6) Discovering that you don’t need four wheels to make a great car 


 A couple of people have already asked me how a three-wheeled car with a 1920s body, skinny tyres, a motorbike engine bolted to the front and an absence of any doors, windscreen, windows or roof can possibly be good enough to be named as the best thing I’ve driven in a year that’s produced such hits as the Toyota GT-86. But it just is. Take a Morgan Threewheeler out for a blast down on a country lane on a sunny day – in fact any day, come to think of it – and you’ll know exactly what I mean.

7) Capturing the moment at the Ormskirk MotorFest


The special online magazines made by Life On Cars are, by and large, quite well received (which, given it was only ever meant to be a one-off originally, is a good thing). The edition I wrote with the cooperation of the Ormskirk MotorFest organisers, however, went a bit further than that, being read not by a few dozen or even hundred people, but by thousands of people.
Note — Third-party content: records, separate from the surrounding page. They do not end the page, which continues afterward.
Lemma axis_dist_le_self x y q : 1 <= axis_dist x y 1 -> q < 1 ->
  axis_dist x y q <= q -> x = 0 /\ y = 0.
Proof.
  intros H1 Hq Hle.
  pose proof (axis_dist_ge0 x y q). pose proof (axis_dist_ge0 x y 1).
  pose proof (axis_dist_sq x y q). pose proof (axis_dist_sq x y 1).
  assert (Hq2 : (x - q) ^ 2 + y ^ 2 <= q ^ 2) by nra.
  assert (H12 : 1 <= (x - 1) ^ 2 + y ^ 2) by nra.
  assert (Hx : x <= 0) by nra.
  assert (x * q <= 0) by nra.
  assert (x ^ 2 + y ^ 2 <= 0) by nra.
  split; nra.
Qed.

Lemma pos_axis_outside_disk x : 1 <= axis_dist x 0 1 -> 0 < x -> 2 <= x.
Proof.
  rewrite axis_dist_on_axis. intros H1 Hx.
  destruct (Rle_or_lt 1 x); [rewrite Rabs_right in H1 | rewrite Rabs_left in H1]; lra.
Qed.

Lemma Opt_ge_1 x y t : 1 <= Opt x y t.
Proof. apply Rmax_l. Qed.

Lemma Opt_outside_disk x y t : 1 <= axis_dist x y 1 -> t <= 1 ->
  Opt x y t = axis_dist x y t + 1 - t.
Proof.
  intros H1 Ht. apply Rmax_right.
  pose proof (axis_dist_le_right x y t 1 Ht). fold (axis_dist x y t). lra.
Qed.

Lemma seg_pos_start x y Q : seg_pos x y Q 0 = (x, y).
Proof. unfold seg_pos. f_equal; unfold Rdiv; ring. Qed.

Lemma seg_pos_to_axis x y q s : axis_dist x y q <> 0 ->
  seg_pos x y (q, 0) s =
  (x + s / axis_dist x y q * (q - x), (1 - s / axis_dist x y q) * y).
Proof.
  intros Hd. unfold seg_pos. rewrite edist_to_axis. simpl.
  f_equal; field; exact Hd.
Qed.

Lemma seg_pos_end x y q : seg_pos x y (q, 0) (axis_dist x y q) = (q, 0).
Proof.
  destruct (Req_dec (axis_dist x y q) 0) as [Hd | Hd].
  - pose proof (axis_dist_sq x y q) as S. rewrite Hd in S.
    pose proof (pow2_ge_0 (x - q)). pose proof (pow2_ge_0 y).
    assert (Hy : y = 0) by nra. assert (Hx : x = q) by nra. subst x y.
    rewrite Hd. apply seg_pos_start.
  - rewrite seg_pos_to_axis by exact Hd. f_equal; field; exact Hd.
Qed.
I just hope you all enjoyed reading it as much as I did researching, writing and producing the thing!

8) Driving Britain’s best roads... in an MX-5 


 The Buttertubs Pass is great in any car but when you’re in something as delicately balanced as an MX-5 it feels a little bit extra special (although the bright evening sunlight didn’t help). But even that wonderful moment couldn’t top the occasion when what seemed like a farm track in the middle of nowhere eventually brought us out onto the road between Pentrefoelas and Ffestiniog, which is one of the most spectacular bits of tarmac I’ve ever encountered. To have discovered it any car would’ve been fun but it was even better being behind the wheel of a great little sports car.
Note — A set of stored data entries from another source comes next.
Lemma has_dim_eq T T' d : vseteq T T' -> has_dim T d -> has_dim T' d.
Proof.
move=> TT' [[M [M_free MT]] dim_le]; split; first by exists M; split => // i; apply/TT'.
by move=> k M' M'_free M'T'; apply: dim_le M'_free _ => i; apply/TT'.
Qed.

Lemma has_dim_uniq T d1 d2 : has_dim T d1 -> has_dim T d2 -> d1 = d2.
Proof.
move=> [[M1 [M1_free M1T]] le_d1] [[M2 [M2_free M2T]] le_d2].
by apply/eqP; rewrite eqn_leq (le_d2 _ M1) // (le_d1 _ M2).
Qed.

Lemma num_rays_eqC C C' k : vseteq C C' -> num_rays C k -> num_rays C' k.
Proof.
move=> CC' [f [f_ray [f_inj f_onto]]]; exists f; split.
  by move=> i; have [F D] := f_ray i; split => //; apply: is_face_eqC F.
split=> // T [F D]; apply: f_onto; split => //.
by apply: is_face_eqC F; apply: vseteq_sym.
Qed.

Lemma num_rays_le C k1 k2 : num_rays C k1 -> num_rays C k2 -> (k1 <= k2)%N.
Proof.
move=> [f [f_ray [f_inj _]]] [g [_ [_ g_onto]]].
have [h fgh] := choice (fun a => g_onto _ (f_ray a)).
have h_inj : injective h.
  by move=> a b hab; apply: f_inj => v; rewrite fgh hab -fgh.
by have := leq_card h h_inj; rewrite !card_ord.
Qed.

Lemma num_rays_uniq C k1 k2 : num_rays C k1 -> num_rays C k2 -> k1 = k2.
Proof. by move=> r1 r2; apply/eqP; rewrite eqn_leq !(num_rays_le r1 r2, num_rays_le r2 r1). Qed.

Lemma ns_is_eqC C C' m : vseteq C C' -> ns_is C m -> ns_is C' m.
Proof.
move=> CC' [k [d [rk [dd km]]]]; exists k, d.
by split; [apply: num_rays_eqC rk | split; first apply: has_dim_eq dd].
Qed.

Definition ray (x : 'rV[R]_n) : vset R n := fun v => exists2 t, 0 <= t & v = t *: x.

Lemma ray_scale t x : 0 < t -> vseteq (ray (t *: x)) (ray x).
Proof.
move=> t_gt0 v; split => [[a a_ge0 ->]|[a a_ge0 ->]].
  by exists (a * t); rewrite ?scalerA // mulr_ge0 // ltW.
by exists (a / t); rewrite ?scalerA ?mulrVK ?unitfE ?gt_eqF // divr_ge0 // ltW.
Qed.

End VectorSets.

Section IndexCones.
Variables (R : realFieldType) (n : nat) (S : seq 'rV[R]_n).
Local Notation vec := 'rV[R]_n.
Local Notation N := (size S).
Local Notation dotv := (@dotv R n).
Implicit Types X Y Z : {set 'I_N}.

Definition cone X : vset R n := fun v =>
  exists2 c : 'I_N -> R, forall i, 0 <= c i & v = \sum_(i in X) c i *: S`_i.

Definition orth (u : vec) : {set 'I_N} := [set i : 'I_N | dotv u S`_i == 0].

Definition gensmx X : 'M[R]_(N, n) := \matrix_i (if i \in X then S`_i else 0).

Definition rk X := \rank (gensmx X).

Definition nullity X := (#|X| - rk X)%N.

Lemma cone0 X : cone X 0.
Proof. by exists (fun=> 0) => //; rewrite big1 // => i _; rewrite scale0r. Qed.

Lemma coneD X v w : cone X v -> cone X w -> cone X (v + w).
Proof.
move=> [c c_ge0 ->] [d d_ge0 ->]; exists (c \+ d) => [i|]; first by rewrite addr_ge0.
by rewrite -big_split; apply: eq_bigr => i _; rewrite scalerDl.
Qed.

Lemma coneZ X t v : 0 <= t -> cone X v -> cone X (t *: v).
Proof.
move=> t_ge0 [c c_ge0 ->]; exists (fun i => t * c i) => [i|]; first by rewrite mulr_ge0.
by rewrite scaler_sumr; apply: eq_bigr => i _; rewrite scalerA.
Qed.

Lemma cone_sum X (I : finType) (P : pred I) (F : I -> vec) :
  (forall i, P i -> cone X (F i)) -> cone X (\sum_(i | P i) F i).
Proof. by move=> XF; elim/big_ind: _ => //; [apply: cone0 | apply: coneD]. Qed.

Lemma cone_gen X i : i \in X -> cone X S`_i.
Proof.
move=> Xi; exists (fun j => (j == i)%:R) => [j|]; first by rewrite ler0n.
rewrite (bigD1 i) //= eqxx scale1r big1 ?addr0 // => j /andP[_ /negbTE ->].
by rewrite scale0r.
Qed.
9) Discussing whether the Ford Racing Puma deserves its classic-in-waiting status 


Just one of the many pub arguments I’ve had with the small-but-dedicated group of petrolheads who hold Life On Cars’ automotive assertions to account. Other topics to get The Farmers’ Arms treatment include whether or not off-roaders are stupid and pointless, whether a Toyota GT-86 is better than a top-of-the-range MX-5 and if in cash-strapped 2012 MPG was more important than MPH. For these endless hours of entertaining discussion, I thank this small group of people who know who they are.

10) Raising £126 for charidee



Finally, there was the night when Life On Cars and the region’s petrolheads came together to help support a very good cause by taking part in a pub quiz with a difference – all the questions were motoring-related. Even though there was a broken sound system, a very drunk Nigel Mansell fan and a slight mistake in a motorbike question to deal with, the night still managed to raise £126 for the National Autistic Society. You never know, there might even be another one in 2013...

Make no mistake, 2012’s been a great year for motoring moments and Life On Cars will continue giving you a petrolhead perspective throughout 2013. Happy New Year!